- WORK ORDER -
Working from the entries below, give again each line from the first through the one containing "Proof. induction l; simpl; intros", exactly and with nothing else.

= Beginning of Section =

Lemma rsum_indicator_le n m a : 0 <= a -> rsum n (fun k => if Nat.eq_dec k m then a else 0) <= a.
Proof.
  intros Ha. induction n; simpl; [lra|].
  destruct (Nat.eq_dec n m) as [->|]; [|lra].
  rewrite (rsum_ext _ _ (fun _ => 0)), rsum_zero; [lra|].
  intros i Hi. destruct (Nat.eq_dec i m); [lia|auto].
Qed.

Section ListSums.
Context {T : Type}.
Implicit Types (f g : T -> R) (l : list T).

Lemma rsuml_app (l1 l2 : list R) : rsuml (l1 ++ l2) = rsuml l1 + rsuml l2.
Proof. induction l1; simpl; [lra|]. rewrite IHl1; lra. Qed.

Lemma rsuml_map_ext f g l : (forall x, In x l -> f x = g x) -> rsuml (map f l) = rsuml (map g l).
Proof. induction l; simpl; intros H; auto. rewrite H, IHl; auto. Qed.

Lemma rsuml_map_le f g l : (forall x, In x l -> f x <= g x) -> rsuml (map f l) <= rsuml (map g l).
Proof.
  induction l; simpl; intros H; [lra|].
  assert (f a <= g a) by auto. assert (rsuml (map f l) <= rsuml (map g l)) by auto. lra.
Qed.

Lemma rsuml_const l a : rsuml (map (fun _ => a) l) = INR (length l) * a.
Proof. induction l; simpl; [ring|]. rewrite IHl. destruct (length l); simpl; ring. Qed.

Lemma rsuml_map_nonneg f l : (forall x, In x l -> 0 <= f x) -> 0 <= rsuml (map f l).
Proof. intros H. rewrite <- (Rmult_0_r (INR (length l))), <- rsuml_const. now apply rsuml_map_le. Qed.

Lemma rsuml_map_zero f l : (forall x, In x l -> f x = 0) -> rsuml (map f l) = 0.
Proof. intros H. rewrite (rsuml_map_ext _ (fun _ => 0)), rsuml_const; auto; ring. Qed.

Lemma rsuml_perm f l1 l2 : Permutation l1 l2 -> rsuml (map f l1) = rsuml (map f l2).
Proof. induction 1; simpl; lra. Qed.

Lemma rsuml_plus f g l : rsuml (map (fun x => f x + g x) l) = rsuml (map f l) + rsuml (map g l).
Proof. induction l; simpl; [lra|]. rewrite IHl; lra. Qed.

Lemma rsuml_minus f g l : rsuml (map (fun x => f x - g x) l) = rsuml (map f l) - rsuml (map g l).
Proof. induction l; simpl; [lra|]. rewrite IHl; lra. Qed.

Lemma rsuml_scal c f l : rsuml (map (fun x => c * f x) l) = c * rsuml (map f l).
Proof. induction l; simpl; [lra|]. rewrite IHl; lra. Qed.

Lemma rsuml_opp f l : rsuml (map (fun x => - f x) l) = - rsuml (map f l).
Proof. induction l; simpl; [lra|]. rewrite IHl; lra. Qed.

Lemma rsuml_abs f l : Rabs (rsuml (map f l)) <= rsuml (map (fun x => Rabs (f x)) l).
Proof.
  induction l; simpl; [rewrite Rabs_R0; lra|].
  eapply Rle_trans; [apply Rabs_triang|lra].
Qed.

Lemma rsuml_rsum n (f : T -> nat -> R) l :
  rsuml (map (fun x => rsum n (f x)) l) = rsum n (fun i => rsuml (map (fun x => f x i) l)).
Proof.
  induction l; simpl.
  - now rewrite rsum_zero.
  - rewrite IHl, <- rsum_plus. reflexivity.
Qed.

Lemma rsuml_filter (p : T -> bool) f l :
  rsuml (map f (filter p l)) = rsuml (map (fun x => if p x then f x else 0) l).
Proof. induction l; simpl; auto. destruct (p a); simpl; rewrite IHl; lra. Qed.

Lemma rsuml_split (p : T -> bool) f l :
  rsuml (map f l) = rsuml (map f (filter p l)) + rsuml (map f (filter (fun x => negb (p x)) l)).
Proof.
  rewrite !rsuml_filter, <- rsuml_plus. apply rsuml_map_ext. intros x _. destruct (p x); simpl; ring.
Qed.

Lemma rsuml_term_le f l x : In x l -> (forall y, In y l -> 0 <= f y) -> f x <= rsuml (map f l).
Proof.
  induction l; simpl; intros Hx H; [tauto|]. destruct Hx as [<-|Hx].
  - assert (0 <= rsuml (map f l)) by (apply rsuml_map_nonneg; auto). lra.
  - assert (f x <= rsuml (map f l)) by auto. assert (0 <= f a) by auto. lra.
Qed.

Lemma rsuml_support (dec : forall x y : T, {x = y} + {x <> y}) g P Q :
  NoDup P -> NoDup Q -> incl Q P -> (forall x, In x P -> ~ In x Q -> g x = 0) ->
  rsuml (map g P) = rsuml (map g Q).
Proof.
  intros HP HQ HI Hz. set (inQ := fun x => if in_dec dec x Q then true else false).
  rewrite (rsuml_split inQ), (rsuml_map_zero g (filter (fun x => negb (inQ x)) P)), Rplus_0_r.
  - apply rsuml_perm, NoDup_Permutation; [now apply NoDup_filter|auto|].
    intros x. rewrite filter_In. unfold inQ. destruct (in_dec dec x Q).
    + split; [tauto|auto].
    + split; [intros [_ H]; discriminate|tauto].
  - intros x Hx. apply filter_In in Hx. unfold inQ in Hx.
    destruct (in_dec dec x Q); simpl in Hx; [easy|]. now apply Hz.
Qed.

End ListSums.

Lemma rsuml_seq n (f : nat -> R) : rsuml (map f (seq 0 n)) = rsum n f.
Proof. induction n; [reflexivity|]. cbn [rsum]. rewrite seq_S, map_app, rsuml_app, IHn. simpl. ring. Qed.

Lemma rsuml_swap {T U} (f : T -> U -> R) l (m : list U) :
  rsuml (map (fun x => rsuml (map (f x) m)) l) = rsuml (map (fun y => rsuml (map (fun x => f x y) l)) m).
Proof.
  induction l; [symmetry; now apply (rsuml_map_zero _ m)|].
  simpl. rewrite IHl, <- rsuml_plus. reflexivity.
Qed.

Lemma rsuml_group {T U} (decU : forall x y : U, {x = y} + {x <> y}) (key : T -> U) F L M :
  (forall x, In x L -> 0 <= F x) -> (forall x, In x L -> ~ In (key x) M -> F x = 0) ->
  rsuml (map F L) <=
  rsuml (map (fun m => rsuml (map F (filter (fun x => if decU (key x) m then true else false) L))) M).
Proof.
  induction L as [|a L IH]; intros H0 Hz; simpl; [rewrite rsuml_map_zero; auto; lra|].
  rewrite (rsuml_map_ext _ (fun m => (if decU (key a) m then F a else 0) +
        rsuml (map F (filter (fun x => if decU (key x) m then true else false) L))))
    by (intros m _; destruct (decU (key a) m); simpl; lra).
  rewrite rsuml_plus.
  assert (rsuml (map F L) <= rsuml (map (fun m => rsuml (map F
            (filter (fun x => if decU (key x) m then true else false) L))) M))
    by (apply IH; intros; [apply H0|apply Hz]; simpl; auto).
  assert (F a <= rsuml (map (fun m => if decU (key a) m then F a else 0) M)).
  { destruct (in_dec decU (key a) M) as [Hin|Hout].
    - assert (Ht := rsuml_term_le (fun m => if decU (key a) m then F a else 0) M (key a) Hin).
      simpl in Ht. destruct (decU (key a) (key a)); [|congruence]. apply Ht.
      intros y _. destruct (decU (key a) y); [apply H0; simpl; auto|lra].
    - rewrite Hz by (simpl; auto). apply rsuml_map_nonneg. intros y _. destruct (decU (key a) y); lra. }
  lra.
Qed.

Lemma NoDup_map_on {T U} (f : T -> U) l : NoDup l ->
  (forall x y, In x l -> In y l -> f x = f y -> x = y) -> NoDup (map f l).
Proof.
  induction l; simpl; intros H Hi; constructor; inversion H; subst.
  - intros Hin. apply in_map_iff in Hin. destruct Hin as [y [Hy Hy']].
    assert (y = a) by (apply Hi; auto). subst. tauto.
  - apply IHl; auto.
Qed.

Notation zvec_eq_dec := (list_eq_dec Z.eq_dec).

Definition zsub (m l : list Z) : list Z := zadd m (zneg l).

Lemma zadd_length k l : length (zadd k l) = Nat.min (length k) (length l).
Proof. revert l; induction k; destruct l; simpl; auto. Qed.

Lemma zadd_comm k l : zadd k l = zadd l k.
Proof. revert l; induction k; destruct l; simpl; auto. now rewrite IHk, Z.add_comm. Qed.

Lemma zadd_assoc a b c : zadd (zadd a b) c = zadd a (zadd b c).
Proof. revert b c; induction a; destruct b, c; simpl; auto. now rewrite IHa, Z.add_assoc. Qed.

Lemma zadd_zero k : zadd k (zero_site (length k)) = k.
Proof. unfold zero_site; induction k; simpl; auto. now rewrite IHk, Z.add_0_r. Qed.

Lemma zadd_zneg k : zadd k (zneg k) = zero_site (length k).
Proof. unfold zero_site; induction k; simpl; auto. now rewrite IHk, Z.add_opp_diag_r. Qed.

Lemma zneg_length k : length (zneg k) = length k.
Proof. apply length_map. Qed.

= End of Section =

- EXERCISE RESULT -
Lemma rsum_indicator_le n m a : 0 <= a -> rsum n (fun k => if Nat.eq_dec k m then a else 0) <= a.
Proof.
  intros Ha. induction n; simpl; [lra|].
  destruct (Nat.eq_dec n m) as [->|]; [|lra].
  rewrite (rsum_ext _ _ (fun _ => 0)), rsum_zero; [lra|].
  intros i Hi. destruct (Nat.eq_dec i m); [lia|auto].
Qed.

Section ListSums.
Context {T : Type}.
Implicit Types (f g : T -> R) (l : list T).

Lemma rsuml_app (l1 l2 : list R) : rsuml (l1 ++ l2) = rsuml l1 + rsuml l2.
Proof. induction l1; simpl; [lra|]. rewrite IHl1; lra. Qed.

Lemma rsuml_map_ext f g l : (forall x, In x l -> f x = g x) -> rsuml (map f l) = rsuml (map g l).
Proof. induction l; simpl; intros H; auto. rewrite H, IHl; auto. Qed.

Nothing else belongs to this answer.